PROJECT SUMMARY Decades of modulating the anti-cancer activity of fluoropyrimidine drugs (FPs) thru schedule optimization, biochemical modulation, and drug combinations have provided a significant, but limited, survival advantage for treating colorectal cancer (CRC) patients with locally advanced or metastatic disease (mCRC). However, outcomes remain poor for patients with mCRC and since targeted therapies and immunotherapies provide only a limited benefit to a sub-set of CRC patients, new approaches are urgently needed. Deep Creek Pharma together academic partner Wake Forest School of Medicine (WFSM) is developing CF10, the first DNA-based FP polymer, as an improved treatment for CRC. In pre-clinical studies through Phase 1 STTR support, we have demonstrated that CF10 is much more potent than 5-FU to CRC cells and demonstrated improved survival relative to 5-FU in multiple colon tumor models in rodents. Further, CF10 displayed reduced systemic toxicities relative to 5-FU making it a strong candidate for clinical development. We have also established CF10 displays distinct pharmacological and mechanistic properties relative to conventional FP drugs. Based on these findings, DeepCreek Pharma and WFSM/Gmeiner Lab propose to jointly investigate CF10 as a candidate for clinical development. A major unmet need is treatment of mCRC that is refractory to FOLFOX (5-FU, Leucovorin (LV), oxaliplatin), and other front-line therapies for mCRC. The proposed research in phase II will therefore focus on (Aim 1) Developing CF10 lipid nanoparticles (LNPs) and testing for improved activity, including in a therapy-resistant CRC liver metastasis model. LNP formulation has proven to be a robust delivery strategy for multiple nucleic acid drugs, and identifying a preferred LNP formulation will promote CF10 clinical development. In Aim 2 of the Phase II studies we will perform safety pharmacology studies of CF10 and CF10:LNPs in rodents while in Aim 3 we will evaluate pharmacokinetics (PK) and biodistribution in non-human primates (NHPs). Studies in NHPs accurately reflect human physiology and metabolism and are particularly important for regulatory apprval. Collectively, our Phase II STTR studies will provide critical data for to advance CF10 into clinical trials and ultimately its commercialization.

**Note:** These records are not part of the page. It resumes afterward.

Lemma three_betti_neq n1 n2 n3 c1 c2 c3 : 0 < n1 -> 0 < n2 -> 0 < n3 ->
  is_c n1 n2 n3 c1 -> is_c n2 n1 n3 c2 -> is_c n3 n1 n2 c3 -> three_betti n1 n2 n3 ->
  [/\ c1 * n1 <> c2 * n2, c1 * n1 <> c3 * n3 & c2 * n2 <> c3 * n3].
Proof.
move=> n1_gt0 n2_gt0 n3_gt0 c1_min c2_min c3_min [b1 [b2 [b3 [neq12 neq13 neq23 bettiP]]]].
have betti_c b : betti n1 n2 n3 b -> [\/ b = c1 * n1, b = c2 * n2 | b = c3 * n3].
  exact: betti_eq_c n1_gt0 n2_gt0 n3_gt0 c1_min c2_min c3_min.
have /betti_c b1E : betti n1 n2 n3 b1 by apply/bettiP; left.
have /betti_c b2E : betti n1 n2 n3 b2 by apply/bettiP; right; left.
have /betti_c b3E : betti n1 n2 n3 b3 by apply/bettiP; right; right.
by move: neq12 neq13 neq23; case: b1E b2E b3E => -> [] -> [] ->; split; lia.
Qed.

Record assoc_matrix (n1 n2 n3 c1 c2 c3 r12 r13 r21 r23 r31 r32 : nat) : Prop := AssocMatrix {
  gen1_gt0 : 0 < n1; gen2_gt0 : 0 < n2; gen3_gt0 : 0 < n3;
  c1_min : is_c n1 n2 n3 c1; c2_min : is_c n2 n1 n3 c2; c3_min : is_c n3 n1 n2 c3;
  row1 : c1 * n1 = r12 * n2 + r13 * n3;
  row2 : c2 * n2 = r21 * n1 + r23 * n3;
  row3 : c3 * n3 = r31 * n1 + r32 * n2;
  neq12 : c1 * n1 <> c2 * n2; neq13 : c1 * n1 <> c3 * n3; neq23 : c2 * n2 <> c3 * n3 }.

Section Symmetry.
Variables n1 n2 n3 c1 c2 c3 r12 r13 r21 r23 r31 r32 : nat.
Hypothesis A : assoc_matrix n1 n2 n3 c1 c2 c3 r12 r13 r21 r23 r31 r32.

Lemma assoc_matrix_swap12 : assoc_matrix n2 n1 n3 c2 c1 c3 r21 r23 r12 r13 r32 r31.
Proof.
by case: A => *; split=> //; [apply: is_cC | rewrite addnC | apply: nesym].
Qed.

Lemma assoc_matrix_swap23 : assoc_matrix n1 n3 n2 c1 c3 c2 r13 r12 r31 r32 r21 r23.
Proof.
by case: A => *; split=> //; [apply: is_cC | rewrite addnC | apply: nesym].
Qed.

End Symmetry.

Section Positivity.
Variables n1 n2 n3 c1 c2 c3 r12 r13 r21 r23 r31 r32 : nat.
Hypothesis A : assoc_matrix n1 n2 n3 c1 c2 c3 r12 r13 r21 r23 r31 r32.

(* If r13 = 0, [is_c_pure_rel] around the cycle 1 -> 2 -> 3 -> 1 yields
   c1 n1 > c2 n2 > c3 n3 > c1 n1. *)
Lemma r13_gt0 : 0 < r13.
Proof.
case: A => n1_gt0 n2_gt0 n3_gt0 c1_min c2_min c3_min def_c1 _ _ neq12 neq13 neq23.
case: (posnP r13) => // r13_0; rewrite r13_0 mul0n addn0 in def_c1.
have [lt21 [w def_c2]] := is_c_pure_rel n1_gt0 n2_gt0 c1_min c2_min def_c1 neq12.
have [lt32 [u def_c3]] :=
  is_c_pure_rel n2_gt0 n3_gt0 (is_cC c2_min) (is_cC c3_min) def_c2 neq23.
have [lt13 _] :=
  is_c_pure_rel n3_gt0 n1_gt0 c3_min (is_cC c1_min) def_c3 (nesym neq13).
lia.
Qed.

End Positivity.

Section RowBound.
Variables n1 n2 n3 c1 c2 c3 r12 r13 r21 r23 r31 r32 : nat.
Hypothesis A : assoc_matrix n1 n2 n3 c1 c2 c3 r12 r13 r21 r23 r31 r32.

Lemma r32_lt_c2 : r32 < c2.
Proof.
have r31_gt0 := r13_gt0 (assoc_matrix_swap12 (assoc_matrix_swap23 (assoc_matrix_swap12 A))).
have r23_gt0 := r13_gt0 (assoc_matrix_swap12 A).
case: A => n1_gt0 n2_gt0 n3_gt0 _ _ c3_min _ def_c2 def_c3 _ _ _.
rewrite ltnNge; apply/negP => c2_le.
case: (ltnP r23 c3) => [r23_lt|]; last by nia.
have := is_c_le (a := r31 + r21) (b := r32 - c2) c3_min (_ : 0 < c3 - r23); nia.
Qed.

End RowBound.

Section ColumnBound.
Variables n1 n2 n3 c1 c2 c3 r12 r13 r21 r23 r31 r32 : nat.
Hypothesis A : assoc_matrix n1 n2 n3 c1 c2 c3 r12 r13 r21 r23 r31 r32.

Lemma c2_le_col2 : c2 <= r12 + r32.
Proof.
have r31_lt := r32_lt_c2 (assoc_matrix_swap12 A).
have r13_lt := r32_lt_c2 (assoc_matrix_swap23 (assoc_matrix_swap12 A)).
have r12_gt0 := r13_gt0 (assoc_matrix_swap23 A).
case: A => n1_gt0 n2_gt0 n3_gt0 _ c2_min _ def_c1 _ def_c3 _ _ _.
apply: (is_c_le (a := c1 - r31) (b := c3 - r13) c2_min); nia.
Qed.

End ColumnBound.

Section ColumnIdentity.
Variables n1 n2 n3 c1 c2 c3 r12 r13 r21 r23 r31 r32 : nat.
Hypothesis A : assoc_matrix n1 n2 n3 c1 c2 c3 r12 r13 r21 r23 r31 r32.

(* Summing the rows: the column excesses (r21 + r31 - c1) n1 + (r12 + r32 - c2) n2
   + (r13 + r23 - c3) n3 vanish, and each is nonnegative. *)
Lemma c2_eq_col2 : c2 = r12 + r32.
Proof.
have c1_le := c2_le_col2 (assoc_matrix_swap12 A).
have c2_le := c2_le_col2 A.
have c3_le := c2_le_col2 (assoc_matrix_swap23 A).
case: A => n1_gt0 n2_gt0 n3_gt0 _ _ _ def_c1 def_c2 def_c3 _ _ _.
nia.
Qed.

Lemma c2n2_fact a b c :
  a * n1 + b * n2 + c * n3 = c2 * n2 -> 0 < a + c -> [/\ a = r21, b = 0 & c = r23].
Proof.
move=> eq_rep ac_gt0.
have r21_lt := r32_lt_c2 (assoc_matrix_swap12 (assoc_matrix_swap23 A)).
have r23_lt := r32_lt_c2 (assoc_matrix_swap23 A).
case: A => n1_gt0 n2_gt0 n3_gt0 c1_min c2_min c3_min _ def_c2 _ _ _ _.
have b0 : b = 0.
  case: (posnP b) => // b_gt0; case: (ltnP b c2) => [b_lt|]; last by nia.
  by have := is_c_le (a := a) (b := c) c2_min (_ : 0 < c2 - b); nia.
have [] := two_gen_rep_unique (a := a) (c := c) n1_gt0 n3_gt0 c1_min (is_cC c3_min) r21_lt r23_lt.
  by rewrite -def_c2 -eq_rep b0; lia.
by move=> -> ->.
Qed.

End ColumnIdentity.

Lemma row_sum_lt_c p q s c a b : p < q -> p < s -> 0 < c ->
  c * p = a * q + b * s -> a + b < c.
Proof. nia. Qed.

Lemma c_lt_row_sum p q s c a b : p < s -> q < s -> 0 < c ->
  c * s = a * p + b * q -> c < a + b.
Proof. nia. Qed.

Section Exchange.
Variables n1 n2 n3 c1 c2 c3 r12 r13 r21 r23 r31 r32 : nat.
Hypothesis A : assoc_matrix n1 n2 n3 c1 c2 c3 r12 r13 r21 r23 r31 r32.
Hypotheses (lt12 : n1 < n2) (lt23 : n2 < n3).
Let n1_gt0 := gen1_gt0 A.
Let n2_gt0 := gen2_gt0 A.
Let n3_gt0 := gen3_gt0 A.
Let r21_gt0 : 0 < r21 := r13_gt0 (assoc_matrix_swap23 (assoc_matrix_swap12 A)).
Let r23_gt0 : 0 < r23 := r13_gt0 (assoc_matrix_swap12 A).
Let r31_gt0 : 0 < r31 :=
  r13_gt0 (assoc_matrix_swap12 (assoc_matrix_swap23 (assoc_matrix_swap12 A))).
Let row1_lt_c1 : r12 + r13 < c1 :=
  row_sum_lt_c lt12 (ltn_trans lt12 lt23) (is_c_gt0 (c1_min A)) (row1 A).
Let c3_lt_row3 : c3 < r31 + r32 :=
  c_lt_row_sum (ltn_trans lt12 lt23) lt23 (is_c_gt0 (c3_min A)) (row3 A).

Lemma exchange_to_n1 y b c : c2 <= r21 + r23 -> b * n2 + c * n3 = y ->
  (exists u v w, u.+1 * n1 + v * n2 + w * n3 = y) ->
  exists a b' c', a.+1 * n1 + b' * n2 + c' * n3 = y /\ b + c <= a.+1 + b' + c'.
Proof.
move=> c2_le def_y [u [v [w def_y']]].
case: A => _ _ _ c1_min c2_min c3_min def_c1 def_c2 def_c3 _ _ _.
case: (leqP c3 c) => [/subnKC def_c|c_lt].
  exists r31.-1, (b + r32), (c - c3); rewrite prednK //.
  by move: def_y; rewrite -def_c mulnDl def_c3; lia.
case: (leqP c2 b) => [/subnKC def_b|b_lt].
  exists r21.-1, (b - c2), (c + r23); rewrite prednK //.
  by move: def_y; rewrite -def_b mulnDl def_c2; lia.
case: (boolP ((r12 <= b) && (r13 <= c))) => [/andP[/subnKC def_b /subnKC def_c]|/andP not_le].
  exists c1.-1, (b - r12), (c - r13); rewrite prednK ?(is_c_gt0 c1_min) //.
  by move: def_y; rewrite -def_b -def_c !mulnDl; lia.
have eq_y : u.+1 * n1 + v * n2 + w * n3 = b * n2 + c * n3 by rewrite def_y def_y'.
by have := apery_coord_eq0 n1_gt0 n2_gt0 n3_gt0 c1_min c2_min c3_min def_c1 b_lt c_lt not_le eq_y.
Qed.

Lemma exchange_to_n3 y a b : r21 + r23 <= c2 -> a * n1 + b * n2 = y ->
  (exists u v w, u * n1 + v * n2 + w.+1 * n3 = y) ->
  exists a' b' c, a' * n1 + b' * n2 + c.+1 * n3 = y /\ a' + b' + c.+1 <= a + b.
Proof.
move=> c2_ge def_y [u [v [w def_y']]].
case: A => _ _ _ c1_min c2_min c3_min def_c1 def_c2 def_c3 _ _ _.
case: (leqP c1 a) => [/subnKC def_a|a_lt].
  exists (a - c1), (b + r12), r13.-1; rewrite prednK ?(r13_gt0 A) //.
  by move: def_y; rewrite -def_a mulnDl def_c1; lia.
case: (leqP c2 b) => [/subnKC def_b|b_lt].
  exists (a + r21), (b - c2), r23.-1; rewrite prednK //.
  by move: def_y; rewrite -def_b mulnDl def_c2; lia.
case: (boolP ((r31 <= a) && (r32 <= b))) => [/andP[/subnKC def_a /subnKC def_b]|/andP not_le].
  exists (a - r31), (b - r32), c3.-1; rewrite prednK ?(is_c_gt0 c3_min) //.
  by move: def_y; rewrite -def_a -def_b !mulnDl; lia.
have eq_y : w.+1 * n3 + u * n1 + v * n2 = a * n1 + b * n2 by rewrite def_y -def_y'; lia.
by have := apery_coord_eq0 n3_gt0 n1_gt0 n2_gt0 c3_min (is_cC c1_min) (is_cC c2_min) def_c3
  a_lt b_lt not_le eq_y.
Qed.

Lemma Lmax_addn1 : c2 <= r21 + r23 ->
  forall x, inM n1 n2 n3 x -> Lmax n1 n2 n3 (x + n1) = Lmax n1 n2 n3 x + 1.
Proof.
move=> c2_le x xM; have [u [v [w def_x]]] := xM.
have yM : inM n1 n2 n3 (x + n1) by exists u.+1, v, w; rewrite mulSn; lia.
apply/eqP; rewrite eqn_leq; apply/andP; split.
- have [a' [b' [c' [def_y ->]]]] := Lmax_attained n1_gt0 n2_gt0 n3_gt0 yM.
  suff [a [b [c [def_y' len_le]]]] : exists a b c,
      a.+1 * n1 + b * n2 + c * n3 = x + n1 /\ a' + b' + c' <= a.+1 + b + c.
    have := Lmax_ge n1_gt0 n2_gt0 n3_gt0 (_ : a * n1 + b * n2 + c * n3 = x).
    by rewrite mulSn in def_y'; lia.
  case: a' def_y => [|a'] def_y; last by exists a', b', c'.
  apply: exchange_to_n1 c2_le _ _; first by rewrite -def_y; lia.
  by exists u, v, w; rewrite -def_x; lia.
- have [a [b [c [def_x' ->]]]] := Lmax_attained n1_gt0 n2_gt0 n3_gt0 xM.
  by rewrite addn1 -!addSn; apply: (Lmax_ge n1_gt0 n2_gt0 n3_gt0); rewrite mulSn; lia.
Qed.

项目摘要 数十年来调节氟嘧啶药物（FPS）的抗癌活性到计划优化， 生化调制和药物组合为 治疗局部晚期或转移性疾病（MCRC）的结直肠癌（CRC）患者。然而， MCRC患者的结局仍然很差，并且靶向疗法和免疫疗法仅提供 迫切需要对CRC患者子组的益处有限。 Deep Creek Pharma 学术合作伙伴Wake Wake Forest医学院（WFSM）正在开发CF10，这是第一个基于DNA的 FP聚合物，作为CRC的改进治疗方法。在通过第1阶段STTR支持的临床前研究中，我们有 证明CF10比5-FU对CRC细胞更有效，并且证明了提高的存活率 相对于啮齿动物多种结肠肿瘤模型中的5-FU。此外，CF10显示出降低的全身毒性 相对于5-FU，使其成为临床发育的有力候选者。我们还建立了CF10显示器 相对于常规FP药物，不同的药理和机械特性。基于这些发现， DeepCreek Pharma和WFSM/Gmeiner Lab提议共同研究CF10作为临床的候选者 发展。 一个主要的未满足需要是对FOLFOX（5-FU，Leucovorin（LV），Oxaliptin）和Oxaliptin）和 MCRC的其他前线疗法。因此，第二阶段的拟议研究将集中于（目标1）开发 CF10脂质纳米颗粒（LNP）和改善活性的测试，包括在治疗的CRC肝脏中 转移模型。 LNP公式已被证明是多种核酸药物的强大递送策略， 并确定首选的LNP配方将促进CF10临床开发。在第二阶段的目标2中 研究我们将对啮齿动物中的CF10和CF10：LNP进行安全药理学研究，而在AIM 3中，我们将 评估非人类灵长类动物（NHP）中的药代动力学（PK）和生物分布。准确地研究NHP 反映人类的生理和代谢，对于监管批准尤为重要。总体而言，我们的 第二阶段的STTR研究将为CF10推进临床试验，并最终提供关键数据 商业化。